In both cases, the West walls of the house were the outer walls of the bedrooms and bathroom.  In both cases, they were the coldest rooms in the winter and hottest rooms in the summer as I would expect of a West facing wall.

In both cases the application of our RCC to those exterior walls changed that.  They were now the coolest rooms in the houses in the hot months and the warmest in the winter months.  This I expected and told them it would happen. 

They were very happy customers. 

About a year later they contacted me and told me something else happ ened that I did NOT expect.  Both people reported they had always had a very, very bad mold problem on the West walls in the winter time.  They had to clean the mold off every week or two.   One described it as looking like long black hair growing from the walls that he swore the mold moved with any slight breeze.

In both cases, it came up the wall an estimated 3 feet on the lower part of the interior wall and that lower part always stayed damp in the cold months.

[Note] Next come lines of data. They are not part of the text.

(* Let $Y$ be a real Banach space, $X$ a closed subspace of $Y$ and $Q:Y\to Y/X$ the quotient map. Let $(B_n)_{n\ge1}$ be a uniformly bounded sequence of bounded operators on $Y$ such that $\lim_{n\to\infty}\|QB_n|_X\|_{X\to Y/X}=0$ and $\limsup_{n\to\infty}\|B_n|_X\|_{X\to Y}\le1$. Then for every $\delta>0$ there is an infinite subset $\mathbb M\subseteq\mathbb N$ such that for all $k\ge1$ and all $n_1<n_2<\dots<n_k$ in $\mathbb M$, $$\|(B_{n_1}B_{n_2}\cdots B_{n_k})|_X\|_{X\to Y}<1+\delta.$$
   Context: For an operator $B$ on $Y$, $\|B|_X\|_{X\to Y}$ denotes the norm of its restriction to $X$. *)

From Stdlib Require Import Reals Lra List Sorted.
Open Scope R_scope.

Record Banach := {
  car :> Type;
  vadd : car -> car -> car;
  vopp : car -> car;
  vzero : car;
  vscal : R -> car -> car;
  vnorm : car -> R;
  vadd_assoc : forall x y z, vadd x (vadd y z) = vadd (vadd x y) z;
  vadd_comm : forall x y, vadd x y = vadd y x;
  vadd_0 : forall x, vadd x vzero = x;
  vadd_opp : forall x, vadd x (vopp x) = vzero;
  vscal_1 : forall x, vscal 1 x = x;
  vscal_assoc : forall a b x, vscal a (vscal b x) = vscal (a * b) x;
  vscal_distr_v : forall a x y, vscal a (vadd x y) = vadd (vscal a x) (vscal a y);
  vscal_distr_r : forall a b x, vscal (a + b) x = vadd (vscal a x) (vscal b x);
  vnorm_nonneg : forall x, 0 <= vnorm x;
  vnorm_eq0 : forall x, vnorm x = 0 -> x = vzero;
  vnorm_scal : forall a x, vnorm (vscal a x) = Rabs a * vnorm x;
  vnorm_triangle : forall x y, vnorm (vadd x y) <= vnorm x + vnorm y;
  vcomplete : forall u : nat -> car,
    (forall eps, eps > 0 -> exists N, forall m n, (m >= N)%nat -> (n >= N)%nat ->
        vnorm (vadd (u m) (vopp (u n))) < eps) ->
    exists l, forall eps, eps > 0 -> exists N, forall n, (n >= N)%nat ->
        vnorm (vadd (u n) (vopp l)) < eps
}.

Arguments vadd {_}. Arguments vopp {_}. Arguments vzero {_}.
Arguments vscal {_}. Arguments vnorm {_}.

Definition vsub {Y : Banach} (x y : Y) : Y := vadd x (vopp y).

Definition closed_subspace (Y : Banach) (X : Y -> Prop) : Prop :=
  X vzero /\
  (forall x y, X x -> X y -> X (vadd x y)) /\
  (forall a x, X x -> X (vscal a x)) /\
  (forall (u : nat -> Y) (l : Y), (forall n, X (u n)) ->
     (forall eps, eps > 0 -> exists N, forall n, (n >= N)%nat -> vnorm (vsub (u n) l) < eps) ->
     X l).

Definition bounded_operator (Y : Banach) (T : Y -> Y) : Prop :=
  (forall x y, T (vadd x y) = vadd (T x) (T y)) /\
  (forall a x, T (vscal a x) = vscal a (T x)) /\
  (exists C, forall y, vnorm (T y) <= C * vnorm y).

Definition restr_norm_le (Y : Banach) (X : Y -> Prop) (T : Y -> Y) (c : R) : Prop :=
  forall x, X x -> vnorm (T x) <= c * vnorm x.

(* ||Q y||_{Y/X} <= c where ||Q y|| = inf_{z in X} ||y - z|| (quotient norm). *)
Definition quot_norm_le (Y : Banach) (X : Y -> Prop) (y : Y) (c : R) : Prop :=
  forall eta, eta > 0 -> exists z, X z /\ vnorm (vsub y z) <= c + eta.

Definition quot_restr_norm_le (Y : Banach) (X : Y -> Prop) (T : Y -> Y) (c : R) : Prop :=
  forall x, X x -> quot_norm_le Y X (T x) (c * vnorm x).

(* Composition B_{n1} B_{n2} ... B_{nk} for the list [n1; ...; nk]. *)
Definition comp_list {Y : Banach} (B : nat -> Y -> Y) (l : list nat) : Y -> Y :=
  fold_right (fun n f => fun y => B n (f y)) (fun y => y) l.

From Stdlib Require Import Reals List Sorted Lra Lia Psatz ClassicalEpsilon.
Open Scope R_scope.

(* Call a vector y "(a, e)-near X" if y = z + w with z in X,
   ||z|| <= a and ||w|| <= e.  If T is bounded by C on Y, ||T|_X|| <= 1 + eps and
   ||Q T|_X|| < eps, then T maps an (a, e)-near vector to a ((1 + 2 eps) a,
   eps a + C e)-near one: T z is eps ||z||-close to some z' in X, and the old error
   w is mapped to T w.  We fix a geometric error budget indexed by levels j
   (tolerances eps_j, X-part norms a_j = 1 + th/2^j, errors e_j = th/(2C)^j)
   compatible with this recursion, and select a subsequence m_j such that B (m j)
   meets the level-j tolerances.  By induction on the number of factors, every
   increasing product of the B (m j) whose indices start at level i maps x in X
   to an (a_i ||x||, e_i ||x||)-near vector; at level 0 this gives
   ||product x|| <= (a_0 + e_0) ||x|| = (1 + 2 th) ||x|| with th = min(1, delta/4). *)

Section VectorAlgebra.
Variable Y : Banach.

Lemma vadd_0_l (x : Y) : vadd vzero x = x.
Proof. rewrite vadd_comm; apply vadd_0. Qed.

Lemma vadd_idem_0 (s : Y) : vadd s s = s -> s = vzero.
Proof.
  intros Hs; transitivity (vadd s (vadd s (vopp s))).
  - rewrite vadd_opp, vadd_0; reflexivity.
  - rewrite vadd_assoc, Hs, vadd_opp; reflexivity.
Qed.

Lemma vscal_0 (x : Y) : vscal 0 x = vzero.
Proof.
  apply vadd_idem_0; rewrite <- vscal_distr_r; f_equal; ring.
Qed.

After applying the RCC to the exterior of those walls, stucco in both cases, the walls no longer stayed damp, the mold went away and had not returned.

About a year after that, I checked back with both of them.  Still the most comfortable rooms and the mold never came back.

I called the man that invented our product and asked him if he had ever ran into a similar situation.  I already knew the coatring would not allow spores to attach themselves to the cured coating because of its sealant qualities.  However, applying the radiant barrier on the outside walls and stopping the wet walls and mold on the inside, that was a new one on him.  

Maybe someone more intelligent than I can come up with a better explanation.  But, here goes.

 

Heat travels toward cold, cold does not travel.  I guess I should say Heat energy travels toward cold.  There is always some level of humidity in the air inside every lived in home, no matter how well the home is sealed from the outside.

The heat energy produced in a home travels to the colder wall  surfaces.  In the process of that happening, that heat energy carries some of that humidity with it.  The heat energy and humidity come in contact with the wall;  The heat energy goes on through, the humidiy stops there and keeps the wall wet.

The mold spores attach themselves to the paint and grow.

I cannot come up with any other explanation. 

Does heat energy carry humidity with it when it travels to colder surfaces?  Yes.  If not, how come the inside of our car windows were so steamed up at the drive in???

I have no idea if anyone else on this forum deals with interior mold or not.   This IS an energy forum.  Maybe you should ask your prospective customers if they have any mold problem.  You might be able to use that as an added benefit to adding a Radiant Control Coating to their energy package.  After those two cases I sure did.